All figures are in Canadian dollars unless otherwise stated. Obsidian Energy's unaudited interim consolidated financial statements and Management's Discussion and Analysis ("MD&A") as at and for the three and nine months ended September 30, 2020 can be found on our website at www.obsidianenergy.com. The documents will also be filed on SEDAR and EDGAR in due course.

FINANCIAL HIGHLIGHTS

  • FFO in the third quarter of 2020 increased to $30 million ($0.41 per share) up from $25 million ($0.34 per share) for the second quarter of 2020 and $29 million ($0.40 per share) for the third quarter of 2019. FFO increased in the third quarter of 2020 as a result of higher commodity prices (compared to Q2 2020) as restrictions around the COVID-19 pandemic eased, which improved demand. In addition, the Company continues to benefit from lower Operating Expenses ("Opex") and General and Administrative ("G&A") expenses (compared to Q3 2019) as a result of our cost reduction initiatives.
  • Year to date, we have generated free cash flow of approximately $37 million, as FFO of $92 million have exceeded capital and decommissioning expenditures in the same period of $55 million.
  • As a result of our strong third quarter performance, net debt decreased in the quarter by $17 million to $479 million, including $395 million drawn on our syndicated credit facility and $63 million of senior notes at September 30, 2020, primarily due to free cash flow being applied to our syndicated credit facility.
  • In the third quarter the Company continued to receive payments from the Federal Government's Canadian Emergency Wage Subsidy program ("CEWS"). These payments reduced our Opex by $0.08 per boe and reduced G&A expenses by $0.05 per boe in the third quarter of 2020.
  • Net loss was $4 million ($0.05 per share) in third quarter compared to $22 million ($0.30 per share) during the second quarter of 2020 and $28 million ($0.38 per share) in the third quarter of 2019. The improvement from the second quarter was largely due to higher realized crude oil prices. The improvement from the previous year was driven by our improved cost structure and higher light oil volumes.
  • On September 21, 2020, we formally launched our bid to acquire Bonterra Energy Corp in a value enhancing transaction that will create the "Cardium Champion". 
  • Subsequent to quarter end, we successfully extended our syndicated credit facility to January 29, 2021.

OPERATIONAL HIGHLIGHTS

  • Average production in the third quarter remained relatively stable as the success of our development program earlier in 2020, largely offset the impact of our lower capital investment driven by lower commodity prices.

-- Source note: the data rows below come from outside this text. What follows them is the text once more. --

(* Let $F_1,F_2:[0,1]\to[0,1]$ be homeomorphisms and let $0<a<1$ be such that $0,a,1$ are fixed points of both $F_1$ and $F_2$, and $F_1(t)>t$ and $F_2(t)>t$ for all $t\in[0,1]\setminus\{0,a,1\}$. Let $f_1,f_2:S^1\to S^1$ be the homeomorphisms of the circle induced by $F_1,F_2$ (via the identification $S^1=[0,1]/(0\sim1)$). Then the iterated function system $\mathcal{F}=\{S^1; f_\lambda\mid \lambda\in\{1,2\}\}$ does not have the average shadowing property.
   Context: The circle $S^1$ is identified with $[0,1)$ via the covering projection $\pi:\mathbb{R}\to S^1$, $\pi(x)=x \bmod 1$, and carries the metric $d$ induced by the usual distance on the real line (arc-length distance). An iterated function system (IFS) $\mathcal{F}=\{X; f_{\lambda}\mid\lambda\in\Lambda\}$ on a metric space $(X,d)$ is a family of continuous maps $f_\lambda:X\to X$ indexed by a finite nonempty set $\Lambda$. For $\sigma=(\lambda_0,\lambda_1,\dots)\in\Lambda^{\mathbb{Z}_+}$ write $\mathcal{F}_{\sigma_n}=f_{\lambda_{n-1}}\circ\cdots\circ f_{\lambda_0}$ for $n\ge1$ and $\mathcal{F}_{\sigma_0}=\mathrm{id}_X$. For $\delta>0$, a sequence $(x_i)_{i\ge0}$ in $X$ is a $\delta$-average pseudo-orbit of $\mathcal{F}$ if there exist a natural number $N$ and $\sigma=(\lambda_0,\lambda_1,\dots)\in\Lambda^{\mathbb{Z}_+}$ such that for all $n\ge N$, $\frac1n\sum_{i=0}^{n-1}d(f_{\lambda_i}(x_i),x_{i+1})<\delta$. A sequence $(x_i)_{i\ge0}$ is $\epsilon$-shadowed in average by $z\in X$ if there exists $\sigma\in\Lambda^{\mathbb{Z}_+}$ with $\limsup_{n\to\infty}\frac1n\sum_{i=0}^{n-1}d(\mathcal{F}_{\sigma_i}(z),x_i)<\epsilon$. $\mathcal{F}$ has the average shadowing property if for every $\epsilon>0$ there is $\delta>0$ such that every $\delta$-average pseudo-orbit of $\mathcal{F}$ is $\epsilon$-shadowed in average by some point of $X$. *)

From HB Require Import structures.
From mathcomp Require Import all_boot all_order all_algebra.
From mathcomp Require Import all_classical all_reals all_analysis.
Set Implicit Arguments. Unset Strict Implicit. Unset Printing Implicit Defensive.
Import Order.TTheory GRing.Theory Num.Theory.
Import numFieldNormedType.Exports.
Local Open Scope ring_scope.
Local Open Scope classical_set_scope.

Section IFS.
Variables (R : realType) (X : Type) (L : Type).
Variables (d : X -> X -> R) (f : L -> X -> X).

Fixpoint ifs_orbit (sigma : nat -> L) (z : X) (n : nat) : X :=
  if n is m.+1 then f (sigma m) (ifs_orbit sigma z m) else z.

Definition avg_pseudo_orbit (delta : R) (x : nat -> X) : Prop :=
  exists (N : nat) (sigma : nat -> L), forall n : nat, (N <= n)%N ->
    n%:R^-1 * (\sum_(i < n) d (f (sigma i) (x i)) (x i.+1)) < delta.

Definition avg_shadowed (eps : R) (x : nat -> X) (z : X) : Prop :=
  exists sigma : nat -> L,
    (limn_esup (fun n : nat =>
       (n%:R^-1 * (\sum_(i < n) d (ifs_orbit sigma z i) (x i)))%:E)
     < eps%:E)%E.

Definition average_shadowing_property : Prop :=
  forall eps : R, 0 < eps -> exists2 delta : R, 0 < delta &
    forall x : nat -> X, avg_pseudo_orbit delta x ->
      exists z : X, avg_shadowed eps x z.
End IFS.

Section Circle.
Variable R : realType.

Definition circle : Type := {x : R | 0 <= x < 1}.

Lemma frac_in01 (x : R) : 0 <= x - (Num.floor x)%:~R < 1.
Proof.
apply/andP; split; first by rewrite subr_ge0 floor_le.
rewrite ltrBlDr addrC -[1]/(1%:~R) -intrD; exact: floorD1_gt.
Qed.

Definition circ_proj (x : R) : circle := exist (fun y : R => 0 <= y < 1) _ (frac_in01 x).

Definition circ_dist (p q : circle) : R :=
  Num.min `|sval p - sval q| (1 - `|sval p - sval q|).

Definition induced_circle_map (F : R -> R) (p : circle) : circle :=
  circ_proj (F (sval p)).

Definition homeo01 (F : R -> R) : Prop :=
  (forall t, t \in `[0, 1] -> F t \in `[0, 1]) /\
  exists G : R -> R,
    (forall t, t \in `[0, 1] -> G t \in `[0, 1]) /\
    (forall t, t \in `[0, 1] -> G (F t) = t) /\
    (forall t, t \in `[0, 1] -> F (G t) = t) /\
    {within `[0, 1], continuous F} /\ {within `[0, 1], continuous G}.
End Circle.

From HB Require Import structures.
From mathcomp Require Import all_boot all_order all_algebra.
From mathcomp Require Import all_classical all_reals all_analysis.
From mathcomp Require Import lra zify.
Import Order.TTheory GRing.Theory Num.Theory.
Import numFieldNormedType.Exports.
Set Implicit Arguments. Unset Strict Implicit. Unset Printing Implicit Defensive.
Local Open Scope ring_scope.

(* Each map lifts to a map of [0,1) moving every point upwards, so every orbit
   of the system is nondecreasing in [0,1) and eventually stays a fixed distance
   e away from one of the common fixed points 0 and a. The sequence sitting
   alternately at a and at 0 on blocks of lengths K, 2K, 4K, ... is a genuine
   orbit except at its logarithmically many switching times, so its average
   error is at most 1/(2K). But each block fills half of the time elapsed at
   its end, so along the blocks spent at the fixed point the orbit avoids, the
   average distance between the orbit and the sequence is at least e/2. *)

Section Circle.
Variable R : realType.

Lemma circ_proj_id (x : R) : 0 <= x < 1 -> sval (circ_proj x) = x.
Proof. by move=> x01 /=; rewrite (@floor_def _ x 0) ?subr0. Qed.

Lemma circ_dist_ge0 (p q : circle R) : 0 <= circ_dist p q.
Proof.
have /andP[x0 x1] := svalP p; have /andP[y0 y1] := svalP q.
rewrite /circ_dist le_min normr_ge0 subr_ge0.
by rewrite ler_norml; lra.
Qed.

Lemma circ_dist_le_half (p q : circle R) : circ_dist p q <= 1 / 2.
Proof. by rewrite /circ_dist ge_min; have [|] := lerP `|sval p - sval q| (1 / 2); lra. Qed.

Lemma circ_dist_refl (p : circle R) : circ_dist p p = 0.
Proof. by rewrite /circ_dist subrr normr0 subr0; apply/min_idPl. Qed.

Lemma sum_circ_dist_le_switches (x : nat -> circle R) (blk : nat -> nat) :
  blk 0 = 0%N -> (forall n, blk n <= blk n.+1)%N ->
  (forall n, blk n.+1 = blk n -> x n.+1 = x n) ->
  forall n, \sum_(i < n) circ_dist (x i) (x i.+1) <= (blk n)%:R / 2.
Proof.
move=> blk0 blk_nondecr blk_const; elim=> [|n IHn]; first by rewrite big_ord0 blk0 mul0r.
rewrite big_ord_recr /=.
have [blk_eq|blk_neq] := eqVneq (blk n.+1) (blk n).
  by rewrite blk_const // circ_dist_refl addr0 blk_eq.
have : (blk n)%:R + 1 <= (blk n.+1)%:R :> R.
  by rewrite natr1 ler_nat ltn_neqAle eq_sym blk_neq blk_nondecr.
have := circ_dist_le_half (x n) (x n.+1); lra.
Qed.

Lemma nondecreasing_eventually_far (u : nat -> circle R) (a : R) : 0 < a < 1 ->
  (forall n, sval (u n) <= sval (u n.+1)) ->
  exists (b : bool) (T : nat), forall i, (T <= i)%N ->
    Num.min (a / 2) ((1 - a) / 2) <= circ_dist (u i) (circ_proj (if b then a else 0)).
Proof.
move=> /andP[a0 a1] u_nondecr.
pose y i := sval (u i); set e := Num.min (a / 2) ((1 - a) / 2).
have [ea e1a] : e <= a / 2 /\ e <= (1 - a) / 2 by rewrite !ge_min !lexx orbT.
have y_mono : {homo y : m n / (m <= n)%N >-> m <= n}.
  by apply: homo_leq => //; exact: le_trans.
have dist_to (c : R) i : 0 <= c < 1 ->
    circ_dist (u i) (circ_proj c) = Num.min `|y i - c| (1 - `|y i - c|).
  by move=> c01; rewrite /circ_dist circ_proj_id.
have a01 : 0 <= a < 1 by rewrite (ltW a0).
have z01 : 0 <= (0 : R) < 1 by rewrite lexx ltr01.
have y01 i : 0 <= y i /\ y i < 1 by apply/andP; exact: (svalP (u i)).
have [[T yT]|y_le] := pselect (exists T, (1 + a) / 2 < y T).
  exists true, T => i Ti; have := y_mono _ _ Ti; have [] := y01 i.
  by rewrite dist_to // le_min => *; rewrite ger0_norm; [apply/andP; split|]; lra.
have {}y_le i : y i <= (1 + a) / 2 by rewrite leNgt; apply/negP => ?; apply: y_le; exists i.
have [[T yT]|y_le'] := pselect (exists T, a / 2 < y T).
  exists false, T => i Ti; have := y_mono _ _ Ti; have := y_le i; have [] := y01 i.
  by rewrite dist_to // le_min subr0 => *; rewrite ger0_norm; [apply/andP; split|]; lra.
exists true, 0%N => i _; have [] := y01 i.
have : y i <= a / 2 by rewrite leNgt; apply/negP => ?; apply: y_le'; exists i.
by rewrite dist_to // le_min => *; rewrite ler0_norm; [apply/andP; split|]; lra.
Qed.
End Circle.

Section InducedMaps.
Variables (R : realType) (F : R -> R).

Lemma induced_circle_map_fixed (c : R) : 0 <= c < 1 -> F c = c ->
  induced_circle_map F (circ_proj c) = circ_proj c.
Proof. by move=> c01 Fc; rewrite /induced_circle_map circ_proj_id // Fc. Qed.

Hypotheses (F_homeo : homeo01 F) (F1 : F 1 = 1).

Lemma homeo01_lt1 (t : R) : 0 <= t < 1 -> 0 <= F t < 1.
Proof.
case: F_homeo => F01 [G [_ [GF _]]] /andP[t0 t1].
have t01 : t \in `[0, 1]%classic by rewrite inE /= in_itv /= t0 ltW.
have one01 : (1 : R) \in `[0, 1]%classic by rewrite inE /= in_itv /= ler01 lexx.
have := F01 t t01; rewrite inE /= in_itv /= => /andP[-> Ft1] /=.
rewrite lt_neqAle Ft1 andbT; apply/eqP => Ft_eq1.
by move: t1; rewrite -(GF t t01) Ft_eq1 -{1}F1 GF // ltxx.
Qed.

Lemma sval_induced_circle_map (p : circle R) :
  sval (induced_circle_map F p) = F (sval p).
Proof. by rewrite circ_proj_id //; exact/homeo01_lt1/(svalP p). Qed.

Lemma induced_circle_map_ge (a : R) : F 0 = 0 -> F a = a ->
  (forall t, t \in `[0, 1] -> t != 0 -> t != a -> t != 1 -> t < F t) ->
  forall p : circle R, sval p <= sval (induced_circle_map F p).
Proof.
move=> F0 Fa F_gt p; rewrite sval_induced_circle_map.
have /andP[p0 p1] := svalP p.
have [->|p_neq0] := eqVneq (sval p) 0; first by rewrite F0.
have [->|p_neqa] := eqVneq (sval p) a; first by rewrite Fa.
by apply/ltW/F_gt; rewrite ?in_itv /= ?p0 ?(ltW p1) ?(lt_eqF p1).
Qed.
End InducedMaps.

Section Epochs.
Variable K : nat.

Definition epoch (n : nat) : nat := trunc_log 2 (n %/ K).+1.

Lemma epoch0 : epoch 0 = 0%N.
Proof. by rewrite /epoch div0n trunc_log1. Qed.

Lemma epoch_nondecr (n : nat) : (epoch n <= epoch n.+1)%N.
Proof. by rewrite /epoch leq_trunc_log // ltnS leq_div2r. Qed.

Lemma epoch_mulK_le (n : nat) : (epoch n * K <= n)%N.
Proof.
have epoch_lt : (epoch n < 2 ^ epoch n)%N by apply: ltn_expl.
have : (2 ^ epoch n <= (n %/ K).+1)%N by apply: trunc_logP.
move=> /(leq_trans epoch_lt); rewrite ltnS => epoch_le.
by rewrite (leq_trans _ (leq_trunc_div n K)) // leq_mul2r epoch_le orbT.
Qed.

Hypothesis K_gt0 : (0 < K)%N.

Lemma epoch_window (k i : nat) :
  (K * (2 ^ k).-1 <= i < K * (2 ^ k.+1).-1)%N -> epoch i = k.
Proof.
move=> /andP[lo hi]; rewrite /epoch; apply: trunc_log_eq => //.
have := leq_div2r K lo; rewrite mulKn // => lo'.
have hi' : (i %/ K < (2 ^ k.+1).-1)%N by rewrite ltn_divLR // mulnC.
have pow_gt0 : (0 < 2 ^ k)%N by rewrite expn_gt0.
rewrite expnS in hi' *; apply/andP; split; lia.
Qed.
End Epochs.

Lemma limn_esup_lt_eventually (R : realType) (u : nat -> R) (c : R) :
  (limn_esup (fun n => (u n)%:E) < c%:E)%E -> exists N, forall n, (N <= n)%N -> u n < c.
Proof.
rewrite /limn_esup /limf_esup => /ereal_inf_lt [_ [V [N _ NV] <-]] supV_lt.
exists N => n Nn; rewrite -lte_fin; apply: le_lt_trans supV_lt.
by apply: ereal_sup_ubound; exists n => //; exact: NV.
Qed.

Lemma avg_ge_half_on_window (R : realType) (u : nat -> R) (e : R) (s n : nat) :
  (0 < n)%N -> (n <= 2 * (n - s))%N -> 0 <= e -> (forall i, 0 <= u i) ->
  (forall i, (s <= i < n)%N -> e <= u i) -> e / 2 <= n%:R^-1 * \sum_(i < n) u i.
Proof.
move=> n_gt0 n_le e_ge0 u_ge0 u_ge.
have sn : (s <= n)%N by lia.
rewrite -(big_mkord xpredT) (big_cat_nat (leq0n s) sn) /=.
have head_ge0 : 0 <= \sum_(0 <= i < s) u i by exact: sumr_ge0.
have tail_ge : (n - s)%:R * e <= \sum_(s <= i < n) u i.
  by rewrite mulr_natl -sumr_const_nat; apply: ler_sum_nat.
have n_le' : n%:R <= 2 * (n - s)%:R :> R by rewrite -natrM ler_nat.
have n_ge1 : 1 <= n%:R :> R by rewrite ler1n.
rewrite natrB // in tail_ge n_le'.
rewrite ler_pdivlMl ?ltr0n //; nra.
Qed.

Section Alternating.
Variables (R : realType) (a : R) (K : nat).
Hypothesis K_gt0 : (0 < K)%N.

Definition alternating (n : nat) : circle R :=
  circ_proj (if odd (epoch K n) then a else 0).

Lemma alternating_avg_pseudo_orbit (L : Type) (l : L) (f : L -> circle R -> circle R)
    (delta : R) :
  (forall l', f l' (circ_proj a) = circ_proj a) ->
  (forall l', f l' (circ_proj 0) = circ_proj 0) ->
  1 < K%:R * delta -> avg_pseudo_orbit (@circ_dist R) f delta alternating.
Proof.
move=> fa f0 K_delta; exists 1%N, (fun _ => l) => n n_gt0.
have f_alt i : f l (alternating i) = alternating i by rewrite /alternating; case: odd.
under eq_bigr do rewrite f_alt.
have alt_const i : epoch K i.+1 = epoch K i -> alternating i.+1 = alternating i.
  by rewrite /alternating => ->.
have sum_le := sum_circ_dist_le_switches (epoch0 K) (epoch_nondecr K) alt_const n.
have epoch_le : (epoch K n)%:R * K%:R <= n%:R :> R by rewrite -natrM ler_nat epoch_mulK_le.
have epoch_ge0 : 0 <= (epoch K n)%:R :> R by [].
have n_ge1 : 1 <= n%:R :> R by rewrite ler1n.
have K_ge1 : 1 <= K%:R :> R by rewrite ler1n.
have delta_gt0 : 0 < delta by nra.
rewrite mulrC ltr_pdivrMr ?(lt_le_trans ltr01) //; nra.
Qed.

Lemma alternating_far (u : nat -> circle R) : 0 < a < 1 ->
  (forall n, sval (u n) <= sval (u n.+1)) ->
  forall N, exists2 n, (N <= n)%N &
    Num.min (a / 2) ((1 - a) / 2) / 2 <= n%:R^-1 * \sum_(i < n) circ_dist (u i) (alternating i).
Proof.
move=> a01 u_nondecr N; have /andP[a0 a1] := a01.
have [b [T far]] := nondecreasing_eventually_far a01 u_nondecr.
pose k := ((T + N).*2 + b)%N.
have k_odd : odd k = b by rewrite /k oddD odd_double oddb.
have k_lt : (T + N < 2 ^ k)%N.
  by apply: leq_ltn_trans (ltn_expl k (ltnSn 1)); rewrite /k -addnn; lia.
pose s := (K * (2 ^ k).-1)%N; pose n := (K * (2 ^ k.+1).-1)%N.
have n_ge : ((2 ^ k.+1).-1 <= n)%N by rewrite leq_pmull.
have s_ge : ((2 ^ k).-1 <= s)%N by rewrite leq_pmull.
have n_le : (n <= 2 * (n - s))%N.
  by rewrite /n /s -mulnBr mulnCA leq_mul2l expnS; apply/orP; right; lia.
exists n; first by rewrite expnS in n_ge; lia.
apply: (avg_ge_half_on_window (u := fun i => circ_dist (u i) (alternating i)) (s := s)) => //.
- by rewrite expnS in n_ge; lia.
- by rewrite le_min; apply/andP; split; lra.
- by move=> i; exact: circ_dist_ge0.
move=> i i_win; rewrite /alternating (epoch_window K_gt0 i_win) k_odd.
by apply: far; case/andP: i_win; lia.
Qed.
End Alternating.

Theorem mainTheorem5 (R : realType) (F1 F2 : R -> R) (a : R) :
  homeo01 F1 -> homeo01 F2 ->
  0 < a < 1 ->
  F1 0 = 0 -> F1 a = a -> F1 1 = 1 ->
  F2 0 = 0 -> F2 a = a -> F2 1 = 1 ->
  (forall t : R, t \in `[0, 1] -> t != 0 -> t != a -> t != 1 ->
     t < F1 t /\ t < F2 t) ->
  ~ average_shadowing_property (@circ_dist R)
      (fun b : bool => if b then induced_circle_map F1 else induced_circle_map F2).
Proof.
move=> F1_homeo F2_homeo a01 F10 F1a F11 F20 F2a F21 F_gt ASP.
set f := (X in average_shadowing_property _ X) in ASP.
have f_ge b p : sval p <= sval (f b p).
  case: b; [apply: (induced_circle_map_ge F1_homeo F11 F10 F1a)
           |apply: (induced_circle_map_ge F2_homeo F21 F20 F2a)];
    by move=> t t01 t0 ta t1; case: (F_gt t t01 t0 ta t1).
have /andP[a0 a1] := a01.
have a01' : 0 <= a < 1 by rewrite (ltW a0).
have fa b : f b (circ_proj a) = circ_proj a.
  by case: b; apply: induced_circle_map_fixed.
have f0 b : f b (circ_proj 0) = circ_proj 0.
  by case: b; apply: induced_circle_map_fixed; rewrite ?lexx ?ltr01.
set e := Num.min (a / 2) ((1 - a) / 2).
have e_gt0 : 0 < e by rewrite lt_min; apply/andP; split; lra.
have [delta delta_gt0 shadow] := ASP (e / 2) ltac:(lra).
pose K := (Num.truncn delta^-1).+1.
have K_delta : 1 < K%:R * delta.
  by rewrite -ltr_pdivrMr // div1r truncnS_gt.
have [z [sigma]] := shadow _ (alternating_avg_pseudo_orbit (ltn0Sn _) true fa f0 K_delta).
move=> /limn_esup_lt_eventually [N avg_lt].
have [n Nn avg_ge] :=
  alternating_far (K := K) (u := ifs_orbit f sigma z) (ltn0Sn _) a01 (fun n => f_ge _ _) N.
by have := avg_lt n Nn; rewrite ltNge avg_ge.
Qed.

Production averaged 25,031 boe/d in the third quarter, down 3% from the second quarter of 2020 and 2% from the third quarter of 2019.     
  • Opex was $11.36 per boe in the third quarter of 2020 compared to $8.51 per boe in the previous quarter of 2020, and $14.65 per boe in the third quarter of 2019. While year-over-year operating expenses were down 22%, reflecting the improvements we have made in 2020, operating expenses increased from the second quarter of 2020 as we completed scheduled turnarounds and resumed routine repairs on downhole pumps and other related activities. 
  • G&A expenses were $1.40 per boe in the third quarter of 2020, compared to $1.36 per boe in the previous quarter and $2.25 per boe in the third quarter of 2019. G&A costs were down 38% from the same quarter last year and remained largely in line with the second quarter as we continue to benefit from efficiency improvements made starting in 2019 and continuing to date in 2020. Additionally, in response to a continued weak commodity price environment, we continue to seek opportunities to remove costs from the business where possible.
  • Our first half 2020 development program continues to exceed expectations with some of the strongest new well production rates seen to date in our multi-year Cardium program.     
  • Development capital and decommissioning expenditures were $6 million in the third quarter of 2020 as the Company restricted development spending in response to lower crude oil prices driven by the COVID-19 pandemic. For the first nine months of 2020, capital and decommissioning expenditures totaled $55 million.
  • During the third quarter of 2020, in partnership with our service providers, the Company received grants under the Alberta Site Rehabilitation Program ("ASRP") totaling $17 million and an additional $4 million in allocation eligibility as an Area Based Closure participant. These awards will allow the Company to expand our decommissioning activities for inactive Legacy sites starting in the fourth quarter of this year and further reduce our decommissioning liability.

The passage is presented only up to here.